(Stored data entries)
▬▬▬

(* Let $p_{d,k,n}$ denote the number of directed plateau polyhypercubes of dimension $d$, width $k$ and lateral area $n$. Then for $d\geq 3$, $k\geq 1$ and $n\geq (d-1)k$, $$p_{d,k,n}=\sum_{j_2+j_3+\cdots+j_d=n}\ \prod_{l=2}^{d}\binom{j_l+k-2}{j_l-k},$$ where the sum is over nonnegative integers $j_2,\dots,j_d$.
   Context: Work in $\mathbb{Z}^d$ with orthonormal coordinate system $(0,\vec{i_1},\dots,\vec{i_d})$; a cell is a unit hypercube of the lattice. A polyhypercube of dimension $d$ is a finite union of cells, connected through their $(d-1)$-dimensional faces, defined up to translation. Its width is the number of distinct values of the $\vec{i_1}$-coordinate taken by its cells; its strata are its intersections with the layers of constant $\vec{i_1}$-coordinate. A plateau is a stratum that is a hyperrectangle. An elementary step is a positive move of one unit along one axis. A polyhypercube is directed if every cell can be reached from a distinguished root cell by a path of cells of the polyhypercube using only elementary steps. A directed plateau polyhypercube is a directed polyhypercube all of whose strata are plateaus. The lateral area of a polyhypercube is the sum, over $2\leq l\leq d$, of the areas (numbers of unit squares) of the polyominoes obtained by projecting it onto the planes $(\vec{i_1},\vec{i_l})$. Convention: for $n\geq 0$, $\binom{n}{k}=0$ when $k<0$ or $k>n$. *)

From HB Require Import structures.
From mathcomp Require Import all_boot all_order all_algebra.
From mathcomp Require Import finmap.
Set Implicit Arguments. Unset Strict Implicit. Unset Printing Implicit Defensive.
Import Order.TTheory GRing.Theory Num.Theory.
Local Open Scope ring_scope.


(* A cell of Z^d is identified with its minimal corner, a d-tuple of
   integers.  Coordinates are 0-based: coordinate 0 is the i_1 axis and
   coordinate l (1 <= l < d) is the i_(l+1) axis. *)
Definition cell (d : nat) := (d.-tuple int)%type.

Definition coord (d : nat) (c : cell d) (l : nat) : int := nth 0 c l.

Definition adjacent (d : nat) (c c' : cell d) : bool :=
  [exists i : 'I_d, (absz (coord c i - coord c' i) == 1%N) &&
     [forall j : 'I_d, (j != i) ==> (coord c j == coord c' j)]].

Definition elem_step (d : nat) (c c' : cell d) : bool :=
  [exists i : 'I_d, (coord c' i == coord c i + 1) &&
     [forall j : 'I_d, (j != i) ==> (coord c j == coord c' j)]].

Definition polyhypercube (d : nat) (P : {fset cell d}) : Prop :=
  (P != fset0)%fset /\
  forall a b, a \in P -> b \in P ->
    exists p : seq (cell d),
      [&& path (@adjacent d) a p, last a p == b & all (fun x => x \in P) p].

Definition directed (d : nat) (P : {fset cell d}) : Prop :=
  exists2 r, r \in P &
    forall c, c \in P ->
      exists p : seq (cell d),
        [&& path (@elem_step d) r p, last r p == c & all (fun x => x \in P) p].

Definition plateau_at (d : nat) (P : {fset cell d}) (x : int) : Prop :=
  exists lo hi : cell d,
    forall c : cell d, coord c 0 = x ->
      (c \in P <-> forall l, (1 <= l < d)%N ->
                     coord lo l <= coord c l <= coord hi l).

Definition all_plateaus (d : nat) (P : {fset cell d}) : Prop :=
  forall c, c \in P -> plateau_at P (coord c 0).

Definition directed_plateau (d : nat) (P : {fset cell d}) : Prop :=
  [/\ polyhypercube P, directed P & all_plateaus P].

Definition width (d : nat) (P : {fset cell d}) : nat :=
  #|` [fset coord c 0 | c in P]%fset |%fset.

Definition lateral_area (d : nat) (P : {fset cell d}) : nat :=
  (\sum_(1 <= l < d) #|` [fset (coord c 0, coord c l) | c in P]%fset |%fset)%N.

(* Canonical representative of a translation class of a nonempty finite set
   of cells: the minimum of each coordinate is 0. *)
Definition normalized (d : nat) (P : {fset cell d}) : Prop :=
  forall l, (l < d)%N ->
    (forall c, c \in P -> 0 <= coord c l) /\ exists2 c, c \in P & coord c l = 0.

Definition counted (d k n : nat) (P : {fset cell d}) : Prop :=
  [/\ normalized P, directed_plateau P, width P = k & lateral_area P = n].

Definition card_is (T : eqType) (A : T -> Prop) (N : nat) : Prop :=
  exists s : seq T, [/\ uniq s, (forall x, x \in s <-> A x) & size s = N].

(* Binomial coefficient on integer arguments: 0 if the lower index is
   negative (or the upper index is negative), else the usual 'C(a, b),
   which is 0 when b > a. *)
Definition binz (a b : int) : nat :=
  if (0 <= a) && (0 <= b) then 'C(absz a, absz b) else 0%N.

(* Right-hand side: j ranges over (d-1)-tuples (j_2,...,j_d) of
   nonnegative integers with sum n (each such j_l is <= n). *)
Definition rhs (d k n : nat) : nat :=
  (\sum_(j : (d.-1).-tuple 'I_n.+1 | \sum_(l < d.-1) (tnth j l : nat) == n)
     \prod_(l < d.-1)
        binz ((tnth j l : nat)%:Z + k%:Z - 2) ((tnth j l : nat)%:Z - k%:Z))%N.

▬▬▬

> _TASK INSTRUCTIONS_
Within the entries, count the lines that contain the word "Require". Give that number and no more.

> _ANSWER SECTION_
3